Does Florida have a banned books list that includes such books as "To Kill a Mockingbird," "The Handmaid's Tale" and "1984"? No, that's not true: There is no banned books list at the state level in Florida because such disputes about school materials are handled at the school district level. Some of the books on the supposed "banned book list" are actually recommended in the state's educational standards. Still, individual Florida school districts have banned or challenged many books.
The claim appeared in a Facebook post on August 20, 2022. The post included a graphic of an alleged "banned book list" from Florida. The caption of the post reads:
Florida. Remind me again about how Republicans are all about freedom. This state is rapidly becoming a little dictatorship.
This is how the post looked on Facebook at the time of writing:
(Source: Facebook screenshot taken on Tue Aug 23 14:42:01 2022 UTC)
Reporting from Snopes found that the "banned book list" seemed to originate from the Twitter account "Freesus Patriot™." The account later tweeted that the list was meant to be satirical.
Lead Stories sent an inquiry about the claim to Bryan Griffin, press secretary for Florida Gov.
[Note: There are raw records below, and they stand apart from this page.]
(* Let $\mathbb X$ be a basic space and $\mathcal D=(D,<,\rho)$ a computable partially ordered set. The classes $\mathrm{Max}_{\mathrm{Rec}}[\mathbb X\to\mathcal D]$ and $\mathrm{Max}_{\mathrm{PR}}[\mathbb X\to\mathcal D]$ contain the same total functions: $\mathrm{Max}_{\mathrm{PR}}[\mathbb X\to\mathcal D]\cap D^{\mathbb X}=\mathrm{Max}_{\mathrm{Rec}}[\mathbb X\to\mathcal D]\cap D^{\mathbb X}$.
   Context: A basic space is a finite non-empty product of sets each of which is $\mathbb N$, $\mathbb Z$, or $A^*$ for some finite alphabet $A$. A computable partially ordered set is a triple $\mathcal D=(D,<,\rho)$ where $\rho:\mathbb N\to D$ is a bijection and $<$ is a strict partial order on $D$ with $\{(m,n):\rho(m)<\rho(n)\}$ computable; a partial function into $D$ is partial (resp. total) computable if its composition with $\rho^{-1}$ is. For a partial $f:\mathbb X\times\mathbb N\to D$ monotone increasing in its second argument on its domain, $\max^{\mathcal D}f$ is the partial function defined exactly at those $x$ for which $\{f(x,t):t,\ f(x,t)\text{ defined}\}$ is finite and non-empty, with value its maximum. $\mathrm{Max}_{\mathrm{PR}}[\mathbb X\to\mathcal D]$ (resp. $\mathrm{Max}_{\mathrm{Rec}}[\mathbb X\to\mathcal D]$) is the class of all $\max^{\mathcal D}f$ with $f$ partial computable (resp. total computable) and monotone increasing in its second argument. $D^{\mathbb X}$ is the set of total functions $\mathbb X\to D$. *)

From mathcomp Require Import all_boot.
From mathcomp Require Import ssrint.

Set Implicit Arguments.
Unset Strict Implicit.
Unset Printing Implicit Defensive.

Inductive prf : nat -> Type :=
| prZero n : prf n
| prSucc : prf 1
| prProj n (i : 'I_n) : prf n
| prComp m n (f : prf m) (gs : seq (prf n)) : prf n
| prPrec n (g : prf n) (h : prf n.+2) : prf n.+1
| prMu n (g : prf n.+1) : prf n.

Inductive peval : forall n, prf n -> seq nat -> nat -> Prop :=
| ev_zero n xs : @peval n (prZero n) xs 0
| ev_succ x : peval prSucc [:: x] x.+1
| ev_proj n (i : 'I_n) xs : size xs = n -> peval (prProj i) xs (nth 0 xs i)
| ev_comp m n (f : prf m) (gs : seq (prf n)) xs ys y :
    size gs = m -> pevals gs xs ys -> peval f ys y -> peval (prComp f gs) xs y
| ev_prec0 n (g : prf n) (h : prf n.+2) xs y :
    peval g xs y -> peval (prPrec g h) (0 :: xs) y
| ev_precS n (g : prf n) (h : prf n.+2) k xs z y :
    peval (prPrec g h) (k :: xs) z -> peval h (k :: z :: xs) y ->
    peval (prPrec g h) (k.+1 :: xs) y
| ev_mu n (g : prf n.+1) xs k :
    peval g (k :: xs) 0 ->
    (forall j, j < k -> exists2 v, v != 0 & peval g (j :: xs) v) ->
    peval (prMu g) xs k
with pevals : forall n, seq (prf n) -> seq nat -> seq nat -> Prop :=
| evs_nil n xs : @pevals n [::] xs [::]
| evs_cons n (g : prf n) gs xs y ys :
    peval g xs y -> pevals gs xs ys -> pevals (g :: gs) xs (y :: ys).
(* Multiplying by [B] turns [A X = A Y] into [c X = c Y]. *)
Lemma iprod_cancel_l A B X Y c : c <> qzero ->
  ideal_eq (iprod D A B) (pideal D c) -> is_ideal D X -> is_ideal D Y ->
  ideal_eq (iprod D A X) (iprod D A Y) -> ideal_eq X Y.
Proof.
  intros Hc HAB HX HY HXY.
  assert (E : ideal_eq (iscale D c X) (iscale D c Y)).
  { rewrite <- !iprod_pideal_l, <- HAB, (iprod_comm D A B), <- !iprod_assoc, HXY by assumption.
    reflexivity. }
  apply ideal_eq_sub; apply (iscale_sub_cancel c _ _ Hc); intros x; apply E.
Qed.

Lemma same_class_unit_principal I : is_ideal D I -> same_class D I unit_ideal ->
  exists p, ideal_eq I (pideal D p).
Proof.
  intros HI (al & be & Hal & Hbe & E).
  destruct (proj2 (E be)) as [p [Hp Ep]].
  { exists qone. split; [constructor|]. symmetry. apply qmul_1_r. }
  exists p. apply ideal_eq_sub.
  - intros x Hx. destruct (proj1 (E (qmul D al x))) as [u [_ Eu]]; [now exists x|].
    rewrite Ep, <- qmul_assoc in Eu. exists u.
    rewrite (qmul_cancel_l D Hdisc Hneg al x _ Hal Eu). apply qmul_comm.
  - intros x [r ->]. now apply HI.
Qed.

Lemma pideal_qnorm a b : ideal_eq (pideal D a) (pideal D b) -> qnorm D a = qnorm D b.
Proof.
  intros E.
  destruct (proj1 (E a) (pideal_self D a)) as [r Er].
  destruct (proj2 (E b) (pideal_self D b)) as [s Es].
  apply (f_equal (qnorm D)) in Er, Es. rewrite qnorm_mul in Er, Es.
  pose proof (qnorm_nonneg D Hdisc Hneg r) as Hr. pose proof (qnorm_nonneg D Hdisc Hneg s).
  destruct (Z.eq_dec (qnorm D a) 0) as [Ha | Ha]; [nia|].
  assert (Hrs : qnorm D r * qnorm D s = 1) by (apply (Z.mul_cancel_r _ _ (qnorm D a)); nia).
  apply Z.eq_mul_1_nonneg in Hrs as [Hr1 _]; [nia | assumption].
Qed.

End Principal.

Section PrimeIdeals.
Variables (D : Z) (P Q : ideal).
Hypothesis HP : is_prime_ideal D P.

Lemma prime_ipow_not_one k : (0 < k)%nat -> ~ ipow D P k qone.
Proof. intros Hk H1. apply HP, (ipow_sub D P k); [apply HP | assumption..]. Qed.

Lemma prime_qpow x k : (0 < k)%nat -> P (qpow D x k) -> P x.
Proof.
  destruct HP as (_ & H1 & _ & Hprime).
  induction k as [|k IH]; intros Hk Hx; [lia|]. cbn [qpow] in Hx.
  destruct (Hprime _ _ Hx) as [Hpow | ?]; [|assumption].
  destruct k as [|k]; [contradiction | apply IH; [lia | assumption]].
Qed.

Lemma ipow_sub_prime j k : is_ideal D Q -> (0 < j)%nat -> (0 < k)%nat ->
  ideal_sub (ipow D Q j) (ipow D P k) -> ideal_sub Q P.
Proof.
  intros HQ Hj Hk H x Hx. apply (prime_qpow x j Hj).
  apply (ipow_sub D P k); [apply HP | assumption |]. now apply H, ipow_qpow_mem.
Qed.

End PrimeIdeals.

Section SplitPrime.
Variables (D l : Z) (P Q : ideal).
Hypotheses (Hdisc : is_disc D) (Hneg : D < 0) (Hl : prime l)
  (HP : is_prime_ideal D P) (HQ : is_prime_ideal D Q) (HPQ : ~ ideal_eq P Q)
  (Hsplit : ideal_eq (pideal D (l, 0)) (iprod D P Q)).

Lemma ipow_split j : ideal_eq (iprod D (ipow D P j) (ipow D Q j)) (pideal D (l ^ Z.of_nat j, 0)).
Proof. now rewrite <- ipow_iprod, <- Hsplit, ipow_pideal, qpow_rational. Qed.

Lemma lpow_neq_0 j : (l ^ Z.of_nat j, 0) <> qzero.
Proof.
  pose proof (prime_ge_2 l Hl). intros [= H0]. revert H0. apply Z.pow_nonzero; lia.
Qed.

Lemma ipow_neq_pideal_lpow m j : (0 < m)%nat ->
  ~ ideal_eq (ipow D P m) (pideal D (l ^ Z.of_nat j, 0)).
Proof.
  intros Hm H. destruct (Nat.le_gt_cases m j) as [Hle | Hlt].
  - destruct (Nat.le_exists_sub m j Hle) as [t [-> _]].
    assert (E : ideal_eq (iprod D (ipow D P m) unit_ideal)
                         (iprod D (ipow D P m) (iprod D (ipow D P t) (ipow D Q (t + m))))).
    { rewrite iprod_unit_r, iprod_assoc, <- ipow_add by apply ipow_is_ideal.
      now rewrite (Nat.add_comm m t), ipow_split. }
    apply (iprod_cancel_l D Hdisc Hneg _ _ _ _ _ (lpow_neq_0 m) (ipow_split m))
      in E; [| apply unit_ideal_is_ideal | apply iprod_is_ideal].
    apply (prime_ipow_not_one D Q HQ (t + m)); [lia|].
    apply (iprod_sub_r D (ipow D P t)); [apply ipow_is_ideal|]. now apply E.
  - destruct (Nat.le_exists_sub j m (Nat.lt_le_incl _ _ Hlt)) as [t [-> _]].
    assert (E : ideal_eq (iprod D (ipow D P j) (ipow D P t))
                         (iprod D (ipow D P j) (ipow D Q j))).
    { now rewrite <- ipow_add, Nat.add_comm, H, ipow_split. }
    apply (iprod_cancel_l D Hdisc Hneg _ _ _ _ _ (lpow_neq_0 j) (ipow_split j))
      in E; [| apply ipow_is_ideal..].
    destruct j as [|j].
    + apply (prime_ipow_not_one D P HP t); [lia|]. now apply E.
    + apply HPQ, ideal_eq_sub.
      * apply (ipow_sub_prime D Q P HQ t (S j)); [apply HP | lia | lia |]. intro. apply E.
      * apply (ipow_sub_prime D P Q HP (S j) t); [apply HQ | lia | lia |]. intro. apply E.
Qed.
(* Let $K$ be a field, $S=K[t_1,\ldots,t_s]$, and let $\mathbb{X}$ be a finite subset of the projective space $\mathbb{P}^{s-1}$ over $K$ with $|\mathbb{X}|\geq 2$. Then $\delta_{\mathbb{X}}(d)=\delta_{I(\mathbb{X})}(d)\geq 1$ for all $d\geq 1$.
   Context: $S$ has the standard grading, $S_d$ is its degree $d$ part. $I(\mathbb{X})$ is the vanishing ideal of $\mathbb{X}$: the ideal generated by all homogeneous polynomials vanishing at all points of $\mathbb{X}$. For homogeneous $f$, $V_{\mathbb{X}}(f)$ is the set of points of $\mathbb{X}$ at which $f$ vanishes. $\delta_{\mathbb{X}}(d)$ is the minimum distance of the projective Reed–Muller-type code $C_{\mathbb{X}}(d)$, i.e. $\delta_{\mathbb{X}}(d)=\min\{|\mathbb{X}|-|V_{\mathbb{X}}(f)|: f\in S_d,\ f\notin I(\mathbb{X})\}$ (the minimum number of points of $\mathbb{X}$ at which a degree-$d$ form not vanishing on all of $\mathbb{X}$ is nonzero). For a nonzero graded ideal $I$ with Hilbert function $H_I(d)=\dim_K(S_d/I_d)$ and $k=\dim(S/I)$, $\deg(S/I)=(k-1)!\lim_{d\to\infty}H_I(d)/d^{k-1}$ if $k\geq1$ and $\dim_K(S/I)$ if $k=0$. With $\mathcal{F}_d=\{f\in S_d: f\notin I,\ (I\colon f)\neq I\}$, the minimum distance function is $\delta_I(d)=\deg(S/I)-\max\{\deg(S/(I,f)): f\in\mathcal{F}_d\}$ if $\mathcal{F}_d\neq\emptyset$ and $\delta_I(d)=\deg(S/I)$ otherwise. *)

From HB Require Import structures.
From mathcomp Require Import all_boot all_order all_algebra.
From mathcomp Require Import mpoly.
From Stdlib Require Import ClassicalEpsilon.

Set Implicit Arguments.
Unset Strict Implicit.
Unset Printing Implicit Defensive.

Import Order.TTheory GRing.Theory Num.Theory.
Local Open Scope ring_scope.

(* If no extremal element exists the value is unspecified; for all    *)
(* uses below the extremum exists (finite / bounded sets).             *)

Definition nat_min (P : nat -> Prop) : nat :=
  epsilon (inhabits 0%N) (fun n => P n /\ forall m, P m -> (n <= m)%N).

Definition nat_max (P : nat -> Prop) : nat :=
  epsilon (inhabits 0%N) (fun n => P n /\ forall m, P m -> (m <= n)%N).

Definition rat_max (P : rat -> Prop) : rat :=
  epsilon (inhabits 0) (fun x => P x /\ forall y, P y -> y <= x).

Definition rat_the (P : rat -> Prop) : rat :=
  epsilon (inhabits 0) P.

Section Ideals.
Variables (K : fieldType) (s : nat).
Local Notation S := {mpoly K[s]}.

Definition is_ideal (J : S -> Prop) : Prop :=
  [/\ J 0, (forall f g, J f -> J g -> J (f + g)) &
      (forall r f, J f -> J (r * f))].

Definition is_prime_ideal (P : S -> Prop) : Prop :=
  [/\ is_ideal P, ~ P 1 & forall f g, P (f * g) -> P f \/ P g].

Definition ideal_gen (A : S -> Prop) : S -> Prop :=
  fun f => exists r : seq (S * S),
    (forall p, p \in r -> A p.2) /\ f = \sum_(p <- r) p.1 * p.2.

Definition ideal_add (I : S -> Prop) (f : S) : S -> Prop :=
  ideal_gen (fun g => I g \/ g = f).

Definition colon (I : S -> Prop) (f : S) : S -> Prop :=
  fun g => I (g * f).

(* Krull dimension of S/I: the supremum of lengths k of chains
   P_0 < P_1 < ... < P_k of prime ideals of S containing I. *)
Definition prime_chain (I : S -> Prop) (k : nat) : Prop :=
  exists P : nat -> S -> Prop,
    (forall i, (i <= k)%N -> is_prime_ideal (P i) /\ forall g, I g -> P i g) /\
    (forall i, (i < k)%N ->
       (forall g, P i g -> P i.+1 g) /\ exists g, P i.+1 g /\ ~ P i g).

Definition krull_dim_quot (I : S -> Prop) : nat := nat_max (prime_chain I).

Definition indep_mod (I : S -> Prop) (m : nat) (fs : m.-tuple S) : Prop :=
  forall c : m.-tuple K,
    I (\sum_(i < m) tnth c i *: tnth fs i) -> forall i, tnth c i = 0.

(* Hilbert function H_I(d) = dim_K (S_d / I_d). *)
Definition hilbert_fun (I : S -> Prop) (d : nat) : nat :=
  nat_max (fun m => exists fs : m.-tuple S,
    (forall i, tnth fs i \is d.-homog) /\ indep_mod I fs).

Definition quot_dim (I : S -> Prop) : nat :=
  nat_max (fun m => exists fs : m.-tuple S, indep_mod I fs).

Definition rat_lim (u : nat -> rat) (L : rat) : Prop :=
  forall eps : rat, 0 < eps ->
    exists N, forall d, (N <= d)%N -> `|u d - L| < eps.

Definition deg_quot (I : S -> Prop) : rat :=
  let k := krull_dim_quot I in
  if k is k'.+1 then
    (k'`!)%:R * rat_the (rat_lim (fun d => (hilbert_fun I d)%:R / (d ^ k')%N%:R))
  else (quot_dim I)%:R.

Definition Fd (I : S -> Prop) (d : nat) (f : S) : Prop :=
  [/\ f \is d.-homog, ~ I f & ~ (forall g, colon I f g <-> I g)].

Definition delta_I (I : S -> Prop) (d : nat) : rat :=
  if excluded_middle_informative (exists f, Fd I d f)
  then deg_quot I - rat_max (fun x => exists f, Fd I d f /\ x = deg_quot (ideal_add I f))
  else deg_quot I.

(* Points of projective space P^{s-1}: nonzero vectors of K^s up to    *)
(* nonzero scalars.  A finite set X of projective points is given by a *)
(* sequence of representatives of pairwise distinct points.            *)

Definition proj_eq (v w : 'rV[K]_s) : Prop := exists c : K, c != 0 /\ v = c *: w.

Definition proj_set (X : seq 'rV[K]_s) : Prop :=
  (forall v, v \in X -> v != 0) /\
  (forall i j, (i < size X)%N -> (j < size X)%N ->
     proj_eq (nth 0 X i) (nth 0 X j) -> i = j).

Definition ev (v : 'rV[K]_s) (f : S) : K := meval (fun i => v 0 i) f.

Definition vanishing_ideal (X : seq 'rV[K]_s) : S -> Prop :=
  ideal_gen (fun f => (exists e, f \is e.-homog) /\ forall v, v \in X -> ev v f = 0).

Definition card_zeros (X : seq 'rV[K]_s) (f : S) : nat :=
  count (fun v => ev v f == 0) X.

Definition delta_X (X : seq 'rV[K]_s) (d : nat) : nat :=
  nat_min (fun n => exists f : S,
    [/\ f \is d.-homog, ~ vanishing_ideal X f & n = (size X - card_zeros X f)%N]).

End Ideals.

(* For a point x, the map [on_line x] sending f to f(t x) maps S onto K[t]; its kernel is the
   ideal of the projective point x, and I(X) is the intersection of these kernels.  A prime
   ideal above I(X) contains one of them, and the ideals above such a kernel correspond to the
   ideals of the principal ideal domain K[t]; hence S/I(X) and S/(I(X), f) have Krull
   dimension 1.  Interpolation by forms of large degree shows that their Hilbert functions are
   eventually |X| and |V_X(f)|, which are therefore their degrees.  As F_d consists of the forms
   of degree d vanishing at some but not all points of X, both delta_X(d) and delta_I(d) equal
   |X| minus the largest |V_X(f)| with f in F_d, and this maximum is smaller than |X|. *)

From HB Require Import structures.
From mathcomp Require Import all_boot all_order all_algebra.
From mathcomp Require Import mpoly ring zify.
From Stdlib Require Import ClassicalEpsilon Classical FunctionalExtensionality PropExtensionality.

Set Implicit Arguments.
Unset Strict Implicit.
Unset Printing Implicit Defensive.

Import Order.TTheory GRing.Theory Num.Theory.
Local Open Scope ring_scope.

Lemma nat_maxE (P : nat -> Prop) n :
  P n -> (forall m, P m -> (m <= n)%N) -> nat_max P = n.
Proof.
move=> Pn maxn; rewrite /nat_max.
have [] := epsilon_spec (inhabits 0%N) (fun k => P k /\ forall m, P m -> (m <= k)%N)
  (ex_intro _ n (conj Pn maxn)).
by move=> Pk maxk; apply/eqP; rewrite eqn_leq maxn // maxk.
Qed.

Lemma nat_minE (P : nat -> Prop) n :
  P n -> (forall m, P m -> (n <= m)%N) -> nat_min P = n.
Proof.
move=> Pn minn; rewrite /nat_min.
have [] := epsilon_spec (inhabits 0%N) (fun k => P k /\ forall m, P m -> (k <= m)%N)
  (ex_intro _ n (conj Pn minn)).
by move=> Pk mink; apply/eqP; rewrite eqn_leq minn // mink.
Qed.

Lemma rat_maxE (P : rat -> Prop) a :
  P a -> (forall b, P b -> b <= a) -> rat_max P = a.
Proof.
move=> Pa maxa; rewrite /rat_max.
have [] := epsilon_spec (inhabits 0) (fun k => P k /\ forall b, P b -> b <= k)
  (ex_intro _ a (conj Pa maxa)).
by move=> Pk maxk; apply/eqP; rewrite eq_le maxa // maxk.
Qed.

Lemma rat_theE (P : rat -> Prop) a : P a -> (forall b, P b -> b = a) -> rat_the P = a.
Proof.
move=> Pa uniqa; apply: uniqa.
exact: (epsilon_spec (inhabits 0) P (ex_intro _ a Pa)).
Qed.

Lemma nat_min_exists (P : nat -> Prop) :
  (exists n, P n) -> exists n, P n /\ forall m, P m -> (n <= m)%N.
Proof.
move=> [n Pn]; elim: n {-2}n (leqnn n) Pn => [|N IH] n le_nN Pn.
  by exists n; split=> // m _; move: le_nN; rewrite leqn0 => /eqP ->.
case: (classic (exists m, (m < n)%N /\ P m)) => [[m [lt_mn Pm]]|smaller].
  by apply: (IH m) => //; rewrite -ltnS (leq_trans lt_mn).
exists n; split=> // m Pm; rewrite leqNgt; apply/negP => lt_mn.
by apply: smaller; exists m.
Qed.

Lemma nat_max_exists (P : nat -> Prop) B : (exists n, P n) ->
  (forall n, P n -> (n <= B)%N) -> exists n, P n /\ forall m, P m -> (m <= n)%N.
Proof.
elim: B => [|B IH] [n Pn] leB.
  by exists n; split=> // m /leB; have := leB _ Pn; lia.
case: (classic (P B.+1)) => [PB|nPB]; first by exists B.+1.
apply: IH; first by exists n.
move=> m Pm; have := leB _ Pm; rewrite leq_eqVlt ltnS => /orP [/eqP eq_mB|//].
by rewrite eq_mB in Pm.
Qed.

Section VanishingIdeal.
Variables (K : fieldType) (s : nat).
Local Notation S := {mpoly K[s]}.

Section Evaluation.
Variable v : 'rV[K]_s.

Lemma evD : {morph ev v : f g / f + g}. Proof. exact: mevalD. Qed.
Lemma evB : {morph ev v : f g / f - g}. Proof. exact: mevalB. Qed.
Lemma evM : {morph ev v : f g / f * g}. Proof. exact: mevalM. Qed.
Lemma evXn (f : S) k : ev v (f ^+ k) = ev v f ^+ k. Proof. exact: rmorphXn. Qed.
Lemma evZ c (f : S) : ev v (c *: f) = c * ev v f. Proof. exact: mevalZ. Qed.
Lemma evX i : ev v ('X_i : S) = v 0 i. Proof. exact: mevalXU. Qed.
Lemma ev_sum I (r : seq I) (P : pred I) (F : I -> S) :
  ev v (\sum_(i <- r | P i) F i) = \sum_(i <- r | P i) ev v (F i).
Proof. exact: raddf_sum. Qed.

End Evaluation.

Lemma idealB (Q : S -> Prop) f g : is_ideal Q -> Q f -> Q g -> Q (f - g).
Proof. by move=> [_ QD QM] Qf Qg; apply: QD => //; rewrite -mulN1r; apply: QM. Qed.

Lemma ker_prime (R : idomainType) (phi : {rmorphism S -> R}) :
  is_prime_ideal (fun g => phi g = 0).
Proof.
split; first split.
- exact: rmorph0.
- by move=> f g f0 g0; rewrite rmorphD f0 g0 addr0.
- by move=> r f f0; rewrite rmorphM f0 mulr0.
- by rewrite rmorph1; apply/eqP; rewrite oner_neq0.
- by move=> f g /eqP; rewrite rmorphM mulf_eq0 => /orP [/eqP|/eqP]; [left|right].
Qed.

Lemma ideal_addE (I : S -> Prop) f : is_ideal I ->
  ideal_add I f = fun g => exists a h, I a /\ g = a + h * f.
Proof.
move=> [I0 ID IM]; apply: functional_extensionality => g.
apply: propositional_extensionality; split.
  move=> [r [rIf ->]]; elim: r rIf => [|p r IH] rIf.
    by exists 0, 0; rewrite big_nil mul0r addr0.
  have [a [h [Ia sumE]]] := IH (fun q qr => rIf q (mem_behead (s := p :: r) qr)).
  rewrite big_cons sumE; case: (rIf p (mem_head _ _)) => [Ip|->].
    by exists (p.1 * p.2 + a), h; split; [apply: ID => //; apply: IM|rewrite addrA].
  by exists a, (p.1 + h); split => //; ring.
move=> [a [h [Ia ->]]]; exists [:: (1, a); (h, f)]; split.
  by move=> p; rewrite !inE => /orP [/eqP ->|/eqP ->]; [left|right].
by rewrite !big_cons big_nil /= mul1r addr0.
Qed.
Ron DeSantis. In an email to Lead Stories sent on August 23, 2022, Griffin addressed the list:
The image is fake - as far as I see it, this is just a completely fictitious list made by people potentially living in an alternate reality. Some of the listed books are specifically recommended in Florida's Benchmarks for Excellent Student Thinking (B.E.S.T.) Standards.
Florida's B.E.S.T. standards were developed to "[c]reate literacy standards for our Florida students that will shape their education and secure their position as leading the charge to make Florida the most literate state in the nation."
Griffin included a link to the most current B.E.S.T. English Language Arts Standards at the time of writing. As he noted, the standards actually recommend some of the books on the alleged "banned book list" in its "Sample Titles of Complex Texts by Grade Band" category. Those books are "To Kill a Mockingbird" and "The Call of the Wild" for eighth graders, "1984" for ninth graders and "Of Mice and Men" and "Lord of the Flies" for 10th graders.
Griffin also clarified that Florida does not have a banned books list at the state level. Rather, the state sets guidelines regarding content, and school districts in the state are responsible for enforcing those guidelines. Griffin referenced state statutes regarding the duties of the state's school boards for more information.
However, as a result of Florida House Bill 1467, the state will have its "first ever official list of books that parents challenged in school districts and the final disposition of those challenges," according to Griffin:
With the data reported beginning June 30, 2023, the Department shall publish and regularly update a list of materials that were removed or discontinued as a result of an objection and disseminate the list to school districts for consideration in their selection procedures. - 1006.28(2)(e) F.S.
School districts must have procedures that provide for the regular removal or discontinuance of books based on, at a minimum, physical condition, rate of recent circulation, alignment to state academic standards and relevancy to curriculum, out-of-date content, and required removal pursuant to 1006.28(2)(a)2 F.S.
Lead Stories also reached out to the Florida Department of Education for comment on the claim. Cassie Palelis, press secretary for the department, forwarded Griffin's statement.
Despite Florida not having a statewide banned books list, PEN America reported that from July 2021 to March 2022, Florida had the third-largest number of books banned in schools in the United States, with 204 bans in seven districts.